- _ACTIVITY_: Reproduce only the lines of the material below that start at the line containing "rewrite <- sqrt_div_alt by nra; f_equal." and stop at the line containing "Lemma sin_declination (a". Keep both end lines.

- _PROVIDED RECORDS_:
----

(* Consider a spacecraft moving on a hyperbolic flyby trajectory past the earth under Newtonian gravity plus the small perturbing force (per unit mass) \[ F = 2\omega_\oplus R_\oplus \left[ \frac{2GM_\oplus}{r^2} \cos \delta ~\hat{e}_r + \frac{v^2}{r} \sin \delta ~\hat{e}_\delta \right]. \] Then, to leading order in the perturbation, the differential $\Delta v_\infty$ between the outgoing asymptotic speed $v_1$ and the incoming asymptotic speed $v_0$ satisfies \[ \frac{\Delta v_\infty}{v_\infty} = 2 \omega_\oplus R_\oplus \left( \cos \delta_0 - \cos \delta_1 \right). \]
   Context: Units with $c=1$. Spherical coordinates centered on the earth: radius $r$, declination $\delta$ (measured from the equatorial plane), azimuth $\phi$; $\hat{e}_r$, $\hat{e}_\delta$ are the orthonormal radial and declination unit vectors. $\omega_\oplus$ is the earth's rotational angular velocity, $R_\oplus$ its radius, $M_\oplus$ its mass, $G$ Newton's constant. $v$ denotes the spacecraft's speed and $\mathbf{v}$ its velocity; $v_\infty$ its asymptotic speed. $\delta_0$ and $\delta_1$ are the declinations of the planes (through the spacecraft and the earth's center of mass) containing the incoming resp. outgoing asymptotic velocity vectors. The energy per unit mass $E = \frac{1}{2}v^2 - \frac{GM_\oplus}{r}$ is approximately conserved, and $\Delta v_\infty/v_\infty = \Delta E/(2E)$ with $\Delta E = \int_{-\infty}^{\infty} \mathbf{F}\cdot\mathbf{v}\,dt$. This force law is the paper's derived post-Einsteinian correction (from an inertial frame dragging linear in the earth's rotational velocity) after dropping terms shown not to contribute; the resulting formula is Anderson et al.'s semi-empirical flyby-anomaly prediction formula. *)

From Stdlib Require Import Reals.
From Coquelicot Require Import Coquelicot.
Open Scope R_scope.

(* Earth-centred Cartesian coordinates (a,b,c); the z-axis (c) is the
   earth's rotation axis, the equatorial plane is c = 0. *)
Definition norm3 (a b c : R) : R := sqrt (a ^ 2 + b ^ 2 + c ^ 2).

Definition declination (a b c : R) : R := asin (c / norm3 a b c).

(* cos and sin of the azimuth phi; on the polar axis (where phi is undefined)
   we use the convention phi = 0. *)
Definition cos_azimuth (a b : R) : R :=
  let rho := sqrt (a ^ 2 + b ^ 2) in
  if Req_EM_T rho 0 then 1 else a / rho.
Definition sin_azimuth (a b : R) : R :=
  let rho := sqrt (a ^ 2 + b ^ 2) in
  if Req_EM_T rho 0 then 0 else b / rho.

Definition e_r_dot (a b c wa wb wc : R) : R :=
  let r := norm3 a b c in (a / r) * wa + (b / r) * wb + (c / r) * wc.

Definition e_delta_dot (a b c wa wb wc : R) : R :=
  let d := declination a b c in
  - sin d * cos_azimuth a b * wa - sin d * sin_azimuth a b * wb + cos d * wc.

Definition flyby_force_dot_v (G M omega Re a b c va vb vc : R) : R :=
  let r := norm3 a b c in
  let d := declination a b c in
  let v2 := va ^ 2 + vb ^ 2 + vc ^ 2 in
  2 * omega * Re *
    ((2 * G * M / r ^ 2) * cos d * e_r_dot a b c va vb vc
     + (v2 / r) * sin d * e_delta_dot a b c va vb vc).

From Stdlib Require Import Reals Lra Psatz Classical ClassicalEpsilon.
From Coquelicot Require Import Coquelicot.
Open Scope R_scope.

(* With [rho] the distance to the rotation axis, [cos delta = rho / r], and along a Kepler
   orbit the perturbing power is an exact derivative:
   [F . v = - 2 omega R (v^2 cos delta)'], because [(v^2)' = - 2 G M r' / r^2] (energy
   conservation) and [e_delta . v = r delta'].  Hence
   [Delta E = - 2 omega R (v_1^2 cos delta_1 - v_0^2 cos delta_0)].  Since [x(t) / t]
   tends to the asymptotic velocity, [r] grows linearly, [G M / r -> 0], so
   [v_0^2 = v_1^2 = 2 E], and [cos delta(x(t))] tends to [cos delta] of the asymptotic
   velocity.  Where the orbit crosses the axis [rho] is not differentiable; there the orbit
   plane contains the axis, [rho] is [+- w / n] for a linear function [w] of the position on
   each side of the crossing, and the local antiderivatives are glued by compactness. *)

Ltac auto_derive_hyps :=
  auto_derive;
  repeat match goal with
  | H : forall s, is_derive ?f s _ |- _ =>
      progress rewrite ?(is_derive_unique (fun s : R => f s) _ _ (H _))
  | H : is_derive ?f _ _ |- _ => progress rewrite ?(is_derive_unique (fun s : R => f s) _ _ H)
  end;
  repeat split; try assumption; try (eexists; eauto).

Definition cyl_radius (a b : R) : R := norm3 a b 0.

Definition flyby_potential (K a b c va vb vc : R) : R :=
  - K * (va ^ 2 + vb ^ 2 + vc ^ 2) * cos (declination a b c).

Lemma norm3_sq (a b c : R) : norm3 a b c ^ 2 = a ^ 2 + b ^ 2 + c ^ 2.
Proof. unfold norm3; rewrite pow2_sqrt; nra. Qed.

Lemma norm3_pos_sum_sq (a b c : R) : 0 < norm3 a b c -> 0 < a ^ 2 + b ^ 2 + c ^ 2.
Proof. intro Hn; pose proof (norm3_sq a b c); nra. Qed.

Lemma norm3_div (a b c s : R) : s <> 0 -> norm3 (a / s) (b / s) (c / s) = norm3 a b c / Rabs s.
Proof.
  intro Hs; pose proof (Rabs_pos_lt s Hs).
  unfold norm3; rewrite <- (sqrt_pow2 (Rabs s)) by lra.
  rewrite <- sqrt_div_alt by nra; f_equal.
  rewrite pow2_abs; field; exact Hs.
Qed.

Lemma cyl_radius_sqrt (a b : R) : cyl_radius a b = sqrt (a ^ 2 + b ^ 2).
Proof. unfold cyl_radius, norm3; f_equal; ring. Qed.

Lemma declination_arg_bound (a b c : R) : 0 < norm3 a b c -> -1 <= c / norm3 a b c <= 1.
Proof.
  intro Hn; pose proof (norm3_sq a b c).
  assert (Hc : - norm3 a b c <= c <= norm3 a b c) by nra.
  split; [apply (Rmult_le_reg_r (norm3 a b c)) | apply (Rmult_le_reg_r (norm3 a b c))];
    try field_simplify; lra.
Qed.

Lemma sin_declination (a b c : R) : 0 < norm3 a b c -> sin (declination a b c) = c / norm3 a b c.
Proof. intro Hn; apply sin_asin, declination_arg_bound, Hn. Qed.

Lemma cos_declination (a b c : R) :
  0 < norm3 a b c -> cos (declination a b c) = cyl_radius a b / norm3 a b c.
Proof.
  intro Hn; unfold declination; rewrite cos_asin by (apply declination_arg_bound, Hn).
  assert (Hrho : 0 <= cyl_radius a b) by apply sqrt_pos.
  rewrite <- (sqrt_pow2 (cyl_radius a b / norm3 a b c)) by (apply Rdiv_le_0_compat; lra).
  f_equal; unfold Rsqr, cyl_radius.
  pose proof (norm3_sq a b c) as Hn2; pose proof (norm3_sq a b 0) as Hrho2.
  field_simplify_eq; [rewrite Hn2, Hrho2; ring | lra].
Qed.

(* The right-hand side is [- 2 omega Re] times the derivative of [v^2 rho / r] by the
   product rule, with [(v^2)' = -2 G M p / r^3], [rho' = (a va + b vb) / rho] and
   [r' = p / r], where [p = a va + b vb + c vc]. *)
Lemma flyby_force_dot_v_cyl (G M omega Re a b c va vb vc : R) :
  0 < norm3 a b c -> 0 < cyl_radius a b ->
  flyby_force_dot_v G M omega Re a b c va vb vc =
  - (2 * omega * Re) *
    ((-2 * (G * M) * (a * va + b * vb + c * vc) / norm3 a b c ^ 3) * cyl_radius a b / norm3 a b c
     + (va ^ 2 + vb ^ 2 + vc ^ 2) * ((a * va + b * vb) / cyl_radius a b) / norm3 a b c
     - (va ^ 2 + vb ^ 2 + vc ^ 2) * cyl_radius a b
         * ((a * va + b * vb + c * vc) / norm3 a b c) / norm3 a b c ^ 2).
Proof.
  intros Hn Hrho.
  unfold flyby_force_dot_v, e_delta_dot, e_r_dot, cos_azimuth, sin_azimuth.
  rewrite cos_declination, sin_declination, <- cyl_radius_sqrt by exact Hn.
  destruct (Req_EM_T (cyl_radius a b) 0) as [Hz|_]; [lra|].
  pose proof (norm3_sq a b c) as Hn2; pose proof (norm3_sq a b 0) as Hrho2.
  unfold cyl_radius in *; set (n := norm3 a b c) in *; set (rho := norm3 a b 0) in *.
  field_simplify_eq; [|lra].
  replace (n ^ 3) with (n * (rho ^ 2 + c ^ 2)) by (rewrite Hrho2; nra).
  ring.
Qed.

----

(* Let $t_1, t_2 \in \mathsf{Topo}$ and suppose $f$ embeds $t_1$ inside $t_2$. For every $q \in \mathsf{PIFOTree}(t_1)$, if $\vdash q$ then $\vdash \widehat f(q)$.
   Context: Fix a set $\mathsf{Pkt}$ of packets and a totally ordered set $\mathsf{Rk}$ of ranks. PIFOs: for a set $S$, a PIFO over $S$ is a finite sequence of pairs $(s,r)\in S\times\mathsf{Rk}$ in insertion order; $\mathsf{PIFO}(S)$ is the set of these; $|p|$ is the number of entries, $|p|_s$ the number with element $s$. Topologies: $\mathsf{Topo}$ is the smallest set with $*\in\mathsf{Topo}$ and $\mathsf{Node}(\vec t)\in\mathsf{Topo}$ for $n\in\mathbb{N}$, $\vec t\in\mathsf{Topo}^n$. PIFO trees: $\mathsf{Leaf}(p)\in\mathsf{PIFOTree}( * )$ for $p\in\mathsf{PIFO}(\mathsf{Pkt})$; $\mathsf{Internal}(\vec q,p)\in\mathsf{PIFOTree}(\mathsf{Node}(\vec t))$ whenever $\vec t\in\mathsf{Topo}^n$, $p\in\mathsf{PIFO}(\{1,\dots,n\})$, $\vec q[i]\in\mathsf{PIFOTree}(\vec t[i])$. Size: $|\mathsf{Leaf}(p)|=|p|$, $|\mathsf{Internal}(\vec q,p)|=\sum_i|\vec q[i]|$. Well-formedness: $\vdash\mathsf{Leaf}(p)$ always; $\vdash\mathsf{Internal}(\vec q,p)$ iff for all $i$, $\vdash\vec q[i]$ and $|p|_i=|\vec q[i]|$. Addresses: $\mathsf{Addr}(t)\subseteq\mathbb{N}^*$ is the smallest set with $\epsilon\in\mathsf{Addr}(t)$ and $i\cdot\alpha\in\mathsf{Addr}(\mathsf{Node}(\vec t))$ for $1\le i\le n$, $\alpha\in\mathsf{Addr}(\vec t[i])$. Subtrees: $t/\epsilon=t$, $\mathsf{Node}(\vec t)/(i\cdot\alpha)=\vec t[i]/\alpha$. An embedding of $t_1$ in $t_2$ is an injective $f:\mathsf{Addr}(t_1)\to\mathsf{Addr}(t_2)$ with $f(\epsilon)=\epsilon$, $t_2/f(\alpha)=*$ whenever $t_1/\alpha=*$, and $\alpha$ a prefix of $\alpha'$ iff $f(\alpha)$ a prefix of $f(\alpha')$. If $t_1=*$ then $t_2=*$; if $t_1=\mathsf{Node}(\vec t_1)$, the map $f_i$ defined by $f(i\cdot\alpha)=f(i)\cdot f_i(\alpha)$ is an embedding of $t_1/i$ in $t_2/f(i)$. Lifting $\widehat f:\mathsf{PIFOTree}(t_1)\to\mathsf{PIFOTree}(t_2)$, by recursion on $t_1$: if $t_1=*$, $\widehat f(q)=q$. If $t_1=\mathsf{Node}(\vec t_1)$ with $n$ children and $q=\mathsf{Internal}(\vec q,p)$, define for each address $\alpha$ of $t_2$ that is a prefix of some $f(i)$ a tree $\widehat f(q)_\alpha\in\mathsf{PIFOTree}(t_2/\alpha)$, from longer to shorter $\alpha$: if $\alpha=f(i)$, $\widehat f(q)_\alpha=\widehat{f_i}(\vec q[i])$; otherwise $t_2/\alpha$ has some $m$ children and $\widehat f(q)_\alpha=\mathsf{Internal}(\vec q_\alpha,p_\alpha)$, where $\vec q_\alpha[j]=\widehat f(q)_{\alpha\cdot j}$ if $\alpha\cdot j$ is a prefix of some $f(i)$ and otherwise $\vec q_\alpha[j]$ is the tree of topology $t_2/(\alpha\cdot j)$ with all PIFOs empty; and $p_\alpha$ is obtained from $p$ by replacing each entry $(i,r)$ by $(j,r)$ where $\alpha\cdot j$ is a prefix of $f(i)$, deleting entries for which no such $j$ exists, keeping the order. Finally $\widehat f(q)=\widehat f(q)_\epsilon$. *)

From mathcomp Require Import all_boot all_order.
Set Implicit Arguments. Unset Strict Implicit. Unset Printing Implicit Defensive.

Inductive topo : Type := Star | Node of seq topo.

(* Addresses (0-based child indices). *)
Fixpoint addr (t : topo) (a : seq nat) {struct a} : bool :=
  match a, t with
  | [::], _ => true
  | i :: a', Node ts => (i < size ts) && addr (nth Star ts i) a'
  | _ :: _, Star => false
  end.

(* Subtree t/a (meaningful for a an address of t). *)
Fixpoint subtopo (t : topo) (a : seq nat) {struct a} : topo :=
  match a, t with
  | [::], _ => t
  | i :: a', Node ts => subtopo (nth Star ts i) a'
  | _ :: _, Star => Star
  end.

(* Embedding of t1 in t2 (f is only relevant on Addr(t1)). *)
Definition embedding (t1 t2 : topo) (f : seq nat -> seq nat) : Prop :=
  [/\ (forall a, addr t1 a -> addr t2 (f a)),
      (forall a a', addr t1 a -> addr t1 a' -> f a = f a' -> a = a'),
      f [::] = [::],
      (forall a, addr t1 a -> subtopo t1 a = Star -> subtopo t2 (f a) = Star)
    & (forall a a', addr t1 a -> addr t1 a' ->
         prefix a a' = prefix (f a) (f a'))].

----

- _REPLY TO THE TASK_:
  rewrite <- sqrt_div_alt by nra; f_equal.
  rewrite pow2_abs; field; exact Hs.
Qed.

Lemma cyl_radius_sqrt (a b : R) : cyl_radius a b = sqrt (a ^ 2 + b ^ 2).
Proof. unfold cyl_radius, norm3; f_equal; ring. Qed.

Lemma declination_arg_bound (a b c : R) : 0 < norm3 a b c -> -1 <= c / norm3 a b c <= 1.
Proof.
  intro Hn; pose proof (norm3_sq a b c).
  assert (Hc : - norm3 a b c <= c <= norm3 a b c) by nra.
  split; [apply (Rmult_le_reg_r (norm3 a b c)) | apply (Rmult_le_reg_r (norm3 a b c))];
    try field_simplify; lra.
Qed.

Lemma sin_declination (a b c : R) : 0 < norm3 a b c -> sin (declination a b c) = c / norm3 a b c.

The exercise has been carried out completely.